(* Let $d\ge1$, $\alpha>1$ and $p\in(0,1]$. For every $\zeta>0$ there exist $\theta\in(0,\zeta)$ and $N=N(\theta)\in\mathbb{N}$ such that for every $n>N$, every realization of $\omega_p$, every minimizing path $\pi_n$ for $T_n(\bar\omega_p)$ (with $\bar\omega_p$ built using this $\theta$ and $n$), and every $1\le i\le n$, \[\Delta\pi_n(i)\le n^{\zeta}.\]
   Context: Let $\{\eta(j,x)\}_{(j,x)\in\mathbb{N}\times\mathbb{Z}^d}$ be i.i.d. Bernoulli under $Q$ with $Q(\eta(0,0)=1)=p$. For $p\in(0,1)$ set $s_p=(\log\frac1p)^{1/d}$ and $\omega_p=\sum_{(k,x)\in\mathbb{N}\times\mathbb{Z}^d}(1-\eta(k,x))\delta_{(k,s_px)}$; $\omega_1$ is a Poisson point process on $\mathbb{N}\times\mathbb{R}^d$ with intensity counting measure $\times$ Lebesgue measure. Point measures are identified with their supports. Given $\theta>0$ and $n$, define \[\bar\omega_p=\omega_p+\sum_{(k,x)\in\mathbb{N}\times n^\theta\mathbb{Z}^d}1_{\{\omega_p(\{k\}\times(x+[0,n^\theta)^d))=0\}}\delta_{(k,x)}.\] For a configuration $\omega$, with $|x|_1=\sum_i|x_i|$, $T_n(\omega)=\min\{\sum_{k=1}^n|x_{k-1}-x_k|_1^\alpha:\ x_0=0,\ \{(k,x_k)\}_{k=1}^n\subset\omega\}$, and a minimizing path is a sequence $\pi_n=(\pi_n(1),\dots,\pi_n(n))$ attaining this minimum. With $\pi_n(0)=0$, $\Delta\pi_n(i)=|\pi_n(i)-\pi_n(i-1)|_1$. *)

From HB Require Import structures.
From mathcomp Require Import all_boot all_order all_algebra.
From mathcomp Require Import all_classical all_reals all_analysis.
Set Implicit Arguments. Unset Strict Implicit. Unset Printing Implicit Defensive.
Import Order.TTheory GRing.Theory Num.Theory.
Local Open Scope ring_scope.
Local Open Scope classical_set_scope.

Section Defs.
Variables (R : realType) (d : nat).

Definition pt := 'I_d -> R.
Definition pt0 : pt := fun _ => 0.
Definition l1 (x : pt) : R := \sum_(i < d) `|x i|.
(* configurations = supports of point measures on N x R^d *)
Definition config := set (nat * pt).

Definition s_p (p : R) : R := (ln p^-1) `^ (d%:R)^-1.

(* omega_p for a realization eta of the Bernoulli field (p < 1):
   points (k, s_p x) with eta(k,x) = 0 *)
Definition omega_of_eta (p : R) (eta : nat -> ('I_d -> int) -> bool) : config :=
  [set kx | exists z : 'I_d -> int,
      eta kx.1 z = false /\ kx.2 = (fun i => s_p p * (z i)%:~R)].

(* realizations of a Poisson process on N x R^d (as supports): locally finite sets *)
Definition locally_finite (w : config) : Prop :=
  forall (k : nat) (r : R), finite_set [set y | w (k, y) /\ l1 y <= r].

Definition realization (p : R) (w : config) : Prop :=
  if p < 1 then exists eta, w = omega_of_eta p eta else locally_finite w.

Definition corner (L : R) (z : 'I_d -> int) : pt := fun i => L * (z i)%:~R.
Definition in_box (L : R) (z : 'I_d -> int) (y : pt) : Prop :=
  forall i, L * (z i)%:~R <= y i < L * (z i)%:~R + L.

Definition augment (L : R) (w : config) : config :=
  w `|` [set kx | exists z : 'I_d -> int, kx.2 = corner L z /\
                   ~ (exists y, w (kx.1, y) /\ in_box L z y)].

Definition admissible (w : config) (n : nat) (x : nat -> pt) : Prop :=
  x 0%N = pt0 /\ forall k, (1 <= k <= n)%N -> w (k, x k).

Definition step (x : nat -> pt) (k : nat) : R := l1 (fun j => x k.-1 j - x k j).

Definition cost (alpha : R) (n : nat) (x : nat -> pt) : R :=
  \sum_(1 <= k < n.+1) (step x k) `^ alpha.

Definition minimizing (w : config) (n : nat) (alpha : R) (x : nat -> pt) : Prop :=
  admissible w n x /\
  forall y, admissible w n y -> cost alpha n x <= cost alpha n y.

End Defs.

From HB Require Import structures.
From mathcomp Require Import all_boot all_order all_algebra.
From mathcomp Require Import all_classical all_reals all_analysis.
From mathcomp Require Import ring lra zify.
Import Order.TTheory GRing.Theory Num.Theory.
Set Implicit Arguments. Unset Strict Implicit.
Local Open Scope ring_scope.
Local Open Scope classical_set_scope.

(* Every point of N x R^d lies within sup-distance L = n^theta of a point of
   the augmented configuration, so a minimizing path can be rerouted along any
   target path at an extra cost of at most c = 2dL per step. Rerouting a block of m steps along the
   straight segment between its endpoints shows that the alpha-th powers of its
   steps sum to at most m (A + c)^alpha, A being the mean step, and standing
   still for the rest of the time bounds the mean of the tail by c. By strict
   convexity of x^alpha, a block whose mean drops by the factor rho when it is
   prolonged is short: its total length is O(c) times the prolonged length.
   Following the blocks starting at step i through K scales of ratio
   F = n^(1/K) gives Delta pi(i) <= C c F rho^K, which is at most n^zeta for
   theta = zeta/3, K > 3/zeta and n large. *)

Section power_convexity.
Variable R : realType.
Implicit Types a r u v x y : R.

Lemma ler_powR2r r x y : 0 <= r -> 0 <= x -> x <= y -> x `^ r <= y `^ r.
Proof. by move=> r0 x0 xy; apply: ge0_ler_powR; rewrite ?nnegrE // (le_trans x0). Qed.

Lemma powR_MVT a u v : 0 < v -> v < u ->
  exists2 c, v < c < u & u `^ a - v `^ a = a * c `^ (a - 1) * (u - v).
Proof.
move=> v0 vu.
have [] := @MVT R (fun x => x `^ a) (fun x => a * x `^ (a - 1)) v u vu.
- move=> x; rewrite in_itv /= => /andP[vx _].
  by apply: is_derive1_powR; exact: lt_trans vx.
- apply: derivable_within_continuous => x; rewrite in_itv /= => /andP[vx _].
  by apply: derivable_powR; rewrite in_itv /= andbT (lt_le_trans v0).
- by move=> c; rewrite in_itv /= => cI ->; exists c.
Qed.

Lemma powR_tangent a u v : 1 < a -> 0 <= u -> 0 <= v ->
  v `^ a + a * v `^ (a - 1) * (u - v) <= u `^ a.
Proof.
move=> a1 u0 v0; have a0 : 0 < a by exact: lt_trans a1.
have a10 : 0 <= a - 1 by rewrite subr_ge0 ltW.
have [->|vn0] := eqVneq v 0.
  by rewrite !powR0 ?gt_eqF ?subr_gt0 // mulr0 mul0r addr0 powR_ge0.
have vp : 0 < v by rewrite lt_def vn0.
have [->|un0] := eqVneq u 0.
  rewrite powR0 ?gt_eqF // sub0r mulrN -mulrA (mulrC _ v) mulr_powRB1 //.
  by have := powR_ge0 v a; nra.
have up : 0 < u by rewrite lt_def un0.
have [uv|vu|->] := ltgtP u v; last by rewrite subrr mulr0 addr0.
- have [c /andP[uc cv] E] := @powR_MVT a v u up uv.
  suff : a * c `^ (a - 1) * (v - u) <= a * v `^ (a - 1) * (v - u) by nra.
  apply: ler_wpM2r; first by rewrite subr_ge0 ltW.
  by apply: ler_wpM2l; [exact: ltW | apply: ler_powR2r => //; rewrite ltW // (lt_trans up uc)].
- have [c /andP[vc cu] E] := @powR_MVT a u v vp vu.
  suff : a * v `^ (a - 1) * (u - v) <= a * c `^ (a - 1) * (u - v) by lra.
  apply: ler_wpM2r; first by rewrite subr_ge0 ltW.
  by apply: ler_wpM2l; [exact: ltW | apply: ler_powR2r => //; exact: ltW].
Qed.

Lemma sum_powR_le_const a v lo hi (f : nat -> R) : 0 <= a ->
  (forall k, (lo <= k < hi)%N -> 0 <= f k <= v) ->
  \sum_(lo <= k < hi) f k `^ a <= (hi - lo)%:R * v `^ a.
Proof.
move=> a0 fv; rewrite mulr_natl -sumr_const_nat big_nat_cond [leRHS]big_nat_cond.
apply: ler_sum => k /andP[/fv/andP[f0 fkv] _]; exact: ler_powR2r.
Qed.

End power_convexity.

Section blocks.
Variables (R : realType) (al c : R) (s : nat -> R) (i : nat).
Hypotheses (al1 : 1 < al) (c0 : 0 < c) (s_ge0 : forall k, 0 <= s k).

Definition block_sum m := \sum_(i <= k < i + m) s k.
Definition block_powsum m := \sum_(i <= k < i + m) s k `^ al.
Definition block_mean m := block_sum m / m%:R.
Definition block_almost_flat m := block_powsum m <= m%:R * (block_mean m + c) `^ al.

☆ ☆ ☆ ☆ ☆

### ASSIGNMENT
Output the lines of the records above exactly as they appear, from the line containing "Definition augment (L" through the line containing "Definition admissible (w".

### FINAL ANSWER
Definition augment (L : R) (w : config) : config :=
  w `|` [set kx | exists z : 'I_d -> int, kx.2 = corner L z /\
                   ~ (exists y, w (kx.1, y) /\ in_box L z y)].

Definition admissible (w : config) (n : nat) (x : nat -> pt) : Prop :=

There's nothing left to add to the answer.